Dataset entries
Lemma family_set_add x y : family_set M x -> family_set M y -> family_set M (x + y).
Proof.
case=> [->|[Ax [x0 Mx]]]; first by rewrite add0r.
case=> [->|[Ay [y0 My]]]; first by rewrite addr0; right.
have [->|s0] := eqVneq (x + y) 0; first by left.
right; do !split=> //; first exact: AD.
case: (le_total (val x) (val y)) => le_v; first exact: family_set_add_le.
by rewrite addrC; apply: family_set_add_le; rewrite // addrC.
Qed.

Lemma family_set_qqmA : qqmA A (family_set M).
Proof.
split; first by move=> x [->|[]]; [exact: A0|].
split; first by left.
by split; [apply: family_set_add|move=> a x; apply: family_set_sq].
Qed.

End FamilyToModule.

(* Psi o Theta = id: a nonzero x lies in calM iff some element of calM has
   the same value and pan as x. *)
Lemma Psi_Theta calM : qqmA A calM -> Psi le val A pan (Theta val pan calM) = calM.
Proof.
move=> HM; rewrite (Psi_family_set (Theta_inT HM)).
apply: functional_extensionality => x; apply: propositional_extensionality; split.
  case=> [->|[_ [x0 [px0|[y [My [y0 [vy py]]]]]]]]; first exact: qqmA_0 HM.
    by have := pan_neq0 x0; rewrite px0 eqxx.
  exact: (qqmA_val_pan HM My y0 x0 vy py).
move=> Mx; have [->|x0] := eqVneq x 0; first by left.
by right; do !split=> //; [apply: qqmA_sub HM x Mx|right; exists x].
Qed.

(* Theta o Psi = id on the index set: every nonzero residue is the pan of an
   element of any prescribed value g, and such an element lies in A. *)
Lemma Theta_Psi M : inT le val A M ->
  forall g, Dom le val A g -> Theta val pan (Psi le val A pan M) g = M g.
Proof.
move=> HT g Dg; rewrite /Theta (Psi_family_set HT).
apply: functional_extensionality => c; apply: propositional_extensionality; split.
  case=> [->|[x [[x00|[_ [_ Mx]]] [x0 [<- <-]]]]] //.
    by case: (inT_qqmF HT Dg).
  by rewrite x00 eqxx in x0.
move=> Mc; have [->|c0] := eqVneq c 0; first by left.
have [w [w0 [vw pw]]] := pan_surj g c0.
right; exists w; do !split=> //; right; rewrite vw pw; do !split=> //.
by apply: A_of_Dom; rewrite vw.
Qed.

End Theorem10.

Theorem mainTheorem10
  (G : zmodType) (le : G -> G -> Prop) (K F : fieldType)
  (val : K -> G) (res : K -> F) (A : K -> Prop) (pan : K -> F) :
  ordered_abelian_group le ->
  valuation le val ->
  residue_map le val res ->
  (2%:R : F) != 0 ->
  two_henselian val res ->
  subring_over_B le val A ->
  pseudo_angular le val res pan ->
  (* Theta is well defined: X_A -> T *)
  (forall calM, qqmA A calM -> inT le val A (Theta val pan calM)) /\
  (* the proposed inverse maps T -> X_A *)
  (forall M, inT le val A M -> qqmA A (Psi le val A pan M)) /\
  (* Psi o Theta = id on X_A *)
  (forall calM, qqmA A calM -> Psi le val A pan (Theta val pan calM) = calM) /\
  (* Theta o Psi = id on T (families compared on the index set H u G>=e) *)
  (forall M, inT le val A M ->
     forall g, Dom le val A g -> Theta val pan (Psi le val A pan M) g = M g).
Proof.
(* 2-henselianity is already encoded in axiom (5) of the pseudo-angular map. *)
move=> Hog Hval Hres two_neq0F _ Hsub Hpan.
split; first by move=> calM; apply: (Theta_inT Hog Hval Hres two_neq0F Hsub Hpan).
split.
  move=> M HT; rewrite (Psi_family_set Hog Hval Hsub HT).
  exact: (family_set_qqmA Hog Hval two_neq0F Hsub Hpan HT).
split; first exact: (Psi_Theta Hog Hval Hres two_neq0F Hsub Hpan).
exact: (Theta_Psi Hog Hval Hsub Hpan).
Qed.
Definition ladder_layer (p : nat) : seq (gate L) :=
  [seq GCNOT (ladder_next s) s | s <- sites & act (oth s) && (pos s == p :> nat)].

Lemma layer_op_ladder_layer p : (p.+1 < L)%N -> layer_op (ladder_layer p) = permop (layer_map p).
Proof.
move=> lt_pL; rewrite layer_op_cnots ?uniq_filter_sites //.
  congr permop; apply: functional_extensionality => y; apply/ffunP => k.
  by rewrite !ffunE mem_filter_sites.
move=> s; rewrite !mem_filter_sites => /andP[act_s /eqP pos_s].
have lt_sL : ((pos s).+1 < L)%N by rewrite pos_s.
by rewrite oth_ladder_next act_s pos_ladder_next // pos_s /=; lia.
Qed.

Lemma circuit_step_ladders X (g : basis L -> basis L) (ph : basis L -> algC) :
  all (fun p => p.+1 < L)%N X ->
  foldl circuit_step (monop g ph) (map ladder_layer X) = monop (layers_map X \o g) ph.
Proof.
elim: X g => [|p X IHX] g /=; first by move=> _; apply: eq_monop.
move=> /andP[lt_pL all_X].
have -> : circuit_step (monop g ph) (ladder_layer p) = monop (layer_map p \o g) ph.
  rewrite /circuit_step layer_op_ladder_layer // permop_monop mulop_monop.
  by apply: eq_monop => // y; rewrite mul1r.
by rewrite IHX.
Qed.

Hypothesis adjacent_next : forall s, ((pos s).+1 < L)%N -> adjacent (ladder_next s) s.

Lemma ladder_layer_ok p : (p.+1 < L)%N -> layer_ok (ladder_layer p).
Proof.
move=> lt_pL; apply/andP; split.
  rewrite all_map; apply/allP => s; rewrite mem_filter_sites => /andP[_ /eqP pos_s].
  by apply: adjacent_next; rewrite pos_s.
rewrite -map_comp; apply: uniq_flatten_pairs; first exact: uniq_filter_sites.
  move=> s s'; rewrite !mem_filter_sites => /andP[_ /eqP pos_s] /andP[_ /eqP pos_s'] e.
  rewrite -(mkK s) -(mkK s'); move: (congr1 oth e); rewrite !oth_ladder_next => ->.
  by congr mk; apply: val_inj; rewrite /= pos_s pos_s'.
move=> s s'; rewrite !mem_filter_sites => /andP[_ /eqP pos_s] /andP[_ /eqP pos_s'].
apply/eqP => /(congr1 (fun t => pos t : nat)).
by rewrite pos_ladder_next pos_s ?pos_s'; lia.
Qed.

Lemma size_ladder_layer p : (size (ladder_layer p) <= L)%N.
Proof.
rewrite size_map -(size_map oth) -[X in (_ <= X)%N]card_ord cardE.
apply: uniq_leq_size => [|o _]; last by rewrite mem_enum.
rewrite map_inj_in_uniq ?uniq_filter_sites //.
move=> s s'; rewrite !mem_filter_sites => /andP[_ /eqP pos_s] /andP[_ /eqP pos_s'] e.
by rewrite -(mkK s) -(mkK s') e; congr mk; apply: val_inj; rewrite /= pos_s pos_s'.
Qed.

End CnotLadders.

Arguments circuit_step {L}.

Section GridLadders.
Variable L : nat.

Definition col_site (p o : 'I_L) : site L := (p, o).
Definition row_site (p o : 'I_L) : site L := (o, p).
Definition even_row (o : 'I_L) := ~~ odd o.

Lemma col_siteK (s : site L) : col_site s.1 s.2 = s. Proof. by case: s. Qed.
Lemma row_siteK (s : site L) : row_site s.2 s.1 = s. Proof. by case: s. Qed.
Lemma col_site_fst p o : (col_site p o).1 = p. Proof. by []. Qed.
Lemma col_site_snd p o : (col_site p o).2 = o. Proof. by []. Qed.
Lemma row_site_snd p o : (row_site p o).2 = p. Proof. by []. Qed.
Lemma row_site_fst p o : (row_site p o).1 = o. Proof. by []. Qed.

Definition Cup_layers := map (ladder_layer col_site fst snd xpredT) (ladder_schedule L).
Definition Cleft_layers := map (ladder_layer row_site snd fst even_row) (ladder_schedule L).
Definition Cup_layers_map := layers_map col_site fst snd xpredT.
Definition Cleft_layers_map := layers_map row_site snd fst even_row.

Lemma Cup_layers_mapE y : Cup_layers_map (ladder_schedule L) y = Cup_map y.
Proof.
rewrite /Cup_layers_map (layers_map_schedule xpredT col_siteK col_site_fst col_site_snd).
apply/ffunP => s; rewrite !ffunE /= /ladder_suffix.
rewrite (eq_bigr (fun i => \big[addb/false]_(k : 'I_L | k == s.2) y (i, k))); last first.
  by move=> i _; rewrite big_pred1_eq.
rewrite (pair_big_dep _ _ (fun i k => y (i, k))).
by apply: eq_big => [[i k]|[i k] _] //=; rewrite andbC.
Qed.

Lemma Cleft_layers_mapE y : Cleft_layers_map (ladder_schedule L) y = Cleft_map y.
Proof.
rewrite /Cleft_layers_map (layers_map_schedule even_row row_siteK row_site_snd row_site_fst).
apply/ffunP => s; rewrite !ffunE /even_row /=; case: (odd s.1) => //=.
rewrite /ladder_suffix (eq_bigr (fun i => \big[addb/false]_(k : 'I_L | k == s.1) y (k, i)));
  last by move=> i _; rewrite big_pred1_eq.
rewrite exchange_big (pair_big_dep _ _ (fun i k => y (i, k))).
by apply: eq_big => [[i k]|[i k] _].
Qed.

Lemma layers_map_Umap y :
  Cleft_layers_map (ladder_schedule L) (Cup_layers_map (ladder_schedule L) y) = Umap y.
Proof. by rewrite Cup_layers_mapE Cleft_layers_mapE. Qed.

Lemma Umap_layersK y :
  Cup_layers_map (rev (ladder_schedule L))
    (Cleft_layers_map (rev (ladder_schedule L)) (Umap y)) = y.
Proof.
rewrite -layers_map_Umap /Cup_layers_map /Cleft_layers_map.
rewrite (layers_map_revK even_row row_site_snd row_site_fst) ?ladder_schedule_lt //.
by rewrite (layers_map_revK xpredT col_site_fst col_site_snd) ?ladder_schedule_lt.
Qed.

Lemma Umap_inj : injective (@Umap L).
Proof. by move=> x x' e; rewrite -(Umap_layersK x) -(Umap_layersK x') e. Qed.

Lemma adjacent_col_next (s : site L) :
  ((s.1 : nat).+1 < L)%N -> adjacent (ladder_next col_site fst snd s) s.
Proof.
move=> lt_sL; rewrite /adjacent /ladder_next /col_site /= val_insubd lt_sL.
by rewrite distnn distnEl ?leqnSn // subSnn.
Qed.

Lemma adjacent_row_next (s : site L) :
  ((s.2 : nat).+1 < L)%N -> adjacent (ladder_next row_site snd fst s) s.
Proof.
move=> lt_sL; rewrite /adjacent /ladder_next /row_site /= val_insubd lt_sL.
by rewrite distnn distnEl ?leqnSn // subSnn.
Qed.

Lemma circuit_step_U_layers (g : basis L -> basis L) (ph : basis L -> algC) :
  foldl circuit_step (monop g ph) (Cup_layers ++ Cleft_layers) = monop (@Umap L \o g) ph.
Proof.
rewrite foldl_cat (circuit_step_ladders xpredT col_site_fst col_site_snd) ?ladder_schedule_lt //.
rewrite (circuit_step_ladders even_row row_site_snd row_site_fst) ?ladder_schedule_lt //.
by apply: eq_monop => // y; apply: layers_map_Umap.
Qed.

Lemma circuit_step_Uinv_layers (g : basis L -> basis L) (ph : basis L -> algC) :
  foldl circuit_step (monop (@Umap L \o g) ph) (rev Cleft_layers ++ rev Cup_layers) = monop g ph.
Proof.
rewrite foldl_cat /Cleft_layers /Cup_layers -!map_rev.
have rev_schedule_lt : all (fun p => p.+1 < L)%N (rev (ladder_schedule L)).
  by rewrite all_rev ladder_schedule_lt.
rewrite (circuit_step_ladders even_row row_site_snd row_site_fst) //.
rewrite (circuit_step_ladders xpredT col_site_fst col_site_snd) //.
by apply: eq_monop => // y; apply: Umap_layersK.
Qed.

Lemma Cup_layers_ok : all (@layer_ok L) Cup_layers.
Proof.
rewrite all_map; apply/allP => p; rewrite mem_rev mem_iota add0n => lt_p /=.
by apply: (ladder_layer_ok xpredT col_siteK col_site_fst col_site_snd adjacent_col_next); lia.
Qed.

Lemma Cleft_layers_ok : all (@layer_ok L) Cleft_layers.
Proof.
rewrite all_map; apply/allP => p; rewrite mem_rev mem_iota add0n => lt_p /=.
by apply: (ladder_layer_ok even_row row_siteK row_site_snd row_site_fst adjacent_row_next); lia.
Qed.

Lemma circuit_size_Cup_layers : (circuit_size Cup_layers <= L.-1 * L)%N.
Proof.
rewrite /circuit_size -map_comp -(size_iota 0 L.-1) -size_rev.
exact: sumn_map_leq (size_ladder_layer xpredT col_siteK).
Qed.

Lemma circuit_size_Cleft_layers : (circuit_size Cleft_layers <= L.-1 * L)%N.
Proof.
rewrite /circuit_size -map_comp -(size_iota 0 L.-1) -size_rev.
exact: sumn_map_leq (size_ladder_layer even_row row_siteK).
Qed.

End GridLadders.

Section WopDiagonal.
Variable L : nat.
Local Open Scope ring_scope.

Lemma UopE : Uop L = permop (@Umap L).
Proof.
rewrite /Uop /Cleft /Cup !permop_monop mulop_monop.
by apply: eq_monop => // y; rewrite mulr1.
Qed.

Lemma WopE : Wop L = monop id (fun y => (-1) ^+ Wsign y).
Proof.
rewrite /Wop /Zodd /C2D UopE /CZlayer.
under eq_bigr do rewrite ZopE.
rewrite big_mulop_diag.
under eq_bigr do (under eq_bigr do rewrite CZopE; rewrite big_mulop_diag).
rewrite big_mulop_diag conj_diag_perm; last exact: Umap_inj.
rewrite mulop_monop; apply: eq_monop => // y /=.
rewrite /Wsign signr_addb prod_sign_addb; congr (_ * _).
by under eq_bigr do rewrite prod_sign_addb; rewrite prod_sign_addb.
Qed.

Lemma conj_Wop f ph :
  mulop (mulop (Wop L) (monop f ph)) (adj (Wop L)) =
  monop f (fun y => (-1) ^+ (Wsign (f y) (+) Wsign y) * ph y).
Proof.
rewrite WopE adj_diag !mulop_monop; apply: eq_monop => // y /=.
by rewrite rmorph_sign signr_addb mulrAC.
Qed.

Lemma Wop_maps_encoding (m m' : site L -> nat) :
  (forall y j, Wsign (flip y j) (+) Wsign y =
     (\big[addb/false]_(k | (m k < m j)%N) y k) (+) (\big[addb/false]_(k | (m' k < m' j)%N) y k)) ->
  maps_encoding (Wop L) m m'.
Proof.
move=> Wsign_prefix j b; rewrite !JWE conj_Wop; apply: eq_monop => // y.
by rewrite Wsign_prefix mulrCA -signr_addb addbAC addbb addFb.
Qed.

End WopDiagonal.

Section WCircuit.
Variable L : nat.
Local Open Scope ring_scope.
Implicit Types (g : basis L -> basis L) (ph : basis L -> algC).

Definition CZ_site (par : bool) (s : site L) := ((s.1 : nat).+1 < L)%N && (odd s.1 == par).
Definition CZ_layer par : seq (gate L) :=
  [seq GCZ (below s) s | s : site L <- sites L & CZ_site par s].
Definition Zodd_layer : seq (gate L) := [seq GZ s | s : site L <- sites L & odd s.1].

Definition W_circuit :=
  Cup_layers L ++ Cleft_layers L ++ [:: CZ_layer false; CZ_layer true] ++
  rev (Cleft_layers L) ++ rev (Cup_layers L) ++ [:: Zodd_layer].

Lemma layer_op_CZ_layer par : layer_op (CZ_layer par) =
  monop id (fun y => (-1) ^+ (\big[addb/false]_(s | CZ_site par s) (y (below s) && y s))).
Proof.
rewrite /layer_op big_map big_filter; under eq_bigr do rewrite /= CZopE.
by rewrite big_mulop_diag; apply: eq_monop => // y; rewrite prod_sign_addb big_addb_sites.
Qed.

Lemma layer_op_Zodd_layer :
  layer_op Zodd_layer = monop id (fun y => (-1) ^+ (\big[addb/false]_(s : site L | odd s.1) y s)).
Proof.
rewrite /layer_op big_map big_filter; under eq_bigr do rewrite /= ZopE.
by rewrite big_mulop_diag; apply: eq_monop => // y; rewrite prod_sign_addb big_addb_sites.
Qed.

Lemma CZ_layers_vquad (u : basis L) :
  (\big[addb/false]_(s | CZ_site false s) (u (below s) && u s)) (+)
  (\big[addb/false]_(s | CZ_site true s) (u (below s) && u s)) = vquad u.
Proof.
rewrite /vquad big_addb_vpair (big_addb_mkcond (CZ_site false)) (big_addb_mkcond (CZ_site true)).
rewrite -big_split /=; apply: eq_bigr => s _.
by rewrite /CZ_site; case: (odd s.1); case: (_ < L)%N; case: (u s); case: (u (below s)).
Qed.

Lemma W_circuitE : circuit_op W_circuit = Wop L.
Proof.
rewrite circuit_opE /W_circuit catA foldl_cat idop_monop circuit_step_U_layers /=.
rewrite !(monop_circuit_step_diag _ _ (layer_op_CZ_layer _)) catA foldl_cat.
rewrite circuit_step_Uinv_layers /=.
rewrite (monop_circuit_step_diag _ _ layer_op_Zodd_layer) WopE; apply: eq_monop => // y /=.
by rewrite mulr1 -!signr_addb /Wsign -CZ_layers_vquad [X in _ (+) X]addbC.
Qed.

Lemma CZ_layer_ok par : layer_ok (CZ_layer par).
Proof.
apply/andP; split.
  rewrite all_map; apply/allP => s; rewrite mem_filter_sites => /andP[lt_sL _].
  exact: adjacent_col_next.
rewrite -map_comp; apply: uniq_flatten_pairs; first exact: uniq_filter_sites.
  move=> [i k] [i' k']; rewrite !mem_filter_sites => /andP[lt_iL _] /andP[lt_i'L _] /=.
  case; rewrite /below /= => /(congr1 val); rewrite !val_insubd lt_iL lt_i'L => -[e] ->.
  by congr pair; apply: val_inj.
move=> s s'; rewrite !mem_filter_sites => /andP[lt_sL /eqP odd_s] /andP[_ /eqP odd_s'].
apply/eqP => /(congr1 (fun t : site L => odd t.1)); rewrite /= val_insubd lt_sL /=.
by rewrite odd_s odd_s'; case: par {odd_s odd_s'}.
Qed.

Lemma Zodd_layer_ok : layer_ok Zodd_layer.
Proof.
apply/andP; split; first by rewrite all_map; apply/allP.
by rewrite -map_comp /comp /= flatten_map1 map_id uniq_filter_sites.
Qed.

Lemma W_circuit_ok : all (@layer_ok L) W_circuit.
Proof.
rewrite /W_circuit !all_cat !all_rev Cup_layers_ok Cleft_layers_ok /=.
by rewrite !CZ_layer_ok Zodd_layer_ok.
Qed.

Lemma size_W_circuit : (size W_circuit <= 7 * L.+1)%N.
Proof. by rewrite /W_circuit !size_cat !size_rev !size_map size_rev size_iota /=; lia. Qed.

Lemma circuit_size_W_circuit : (circuit_size W_circuit <= 7 * (L * L).+1)%N.
Proof.
have size_filter_sites (P : pred (site L)) : (size [seq t <- sites L | P t] <= L * L)%N.
  by rewrite size_filter (leq_trans (count_size _ _)) // -cardE card_prod !card_ord.
have := circuit_size_Cup_layers L; have := circuit_size_Cleft_layers L.
have := size_filter_sites (CZ_site false); have := size_filter_sites (CZ_site true).
have := size_filter_sites (fun s => odd s.1).
have : (L.-1 * L <= L * L)%N by rewrite leq_mul2r leq_pred orbT.
rewrite /circuit_size /W_circuit !map_cat !sumn_cat !map_rev !sumn_rev /= !size_map; lia.
Qed.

* [Task description]: Copy, please, every line from the start of the entries down to the line that holds "the same value and pan as x. *)", with both of those lines included and no others.

* [Response to this exercise]:
Lemma family_set_add x y : family_set M x -> family_set M y -> family_set M (x + y).
Proof.
case=> [->|[Ax [x0 Mx]]]; first by rewrite add0r.
case=> [->|[Ay [y0 My]]]; first by rewrite addr0; right.
have [->|s0] := eqVneq (x + y) 0; first by left.
right; do !split=> //; first exact: AD.
case: (le_total (val x) (val y)) => le_v; first exact: family_set_add_le.
by rewrite addrC; apply: family_set_add_le; rewrite // addrC.
Qed.

Lemma family_set_qqmA : qqmA A (family_set M).
Proof.
split; first by move=> x [->|[]]; [exact: A0|].
split; first by left.
by split; [apply: family_set_add|move=> a x; apply: family_set_sq].
Qed.

End FamilyToModule.

(* Psi o Theta = id: a nonzero x lies in calM iff some element of calM has
   the same value and pan as x. *)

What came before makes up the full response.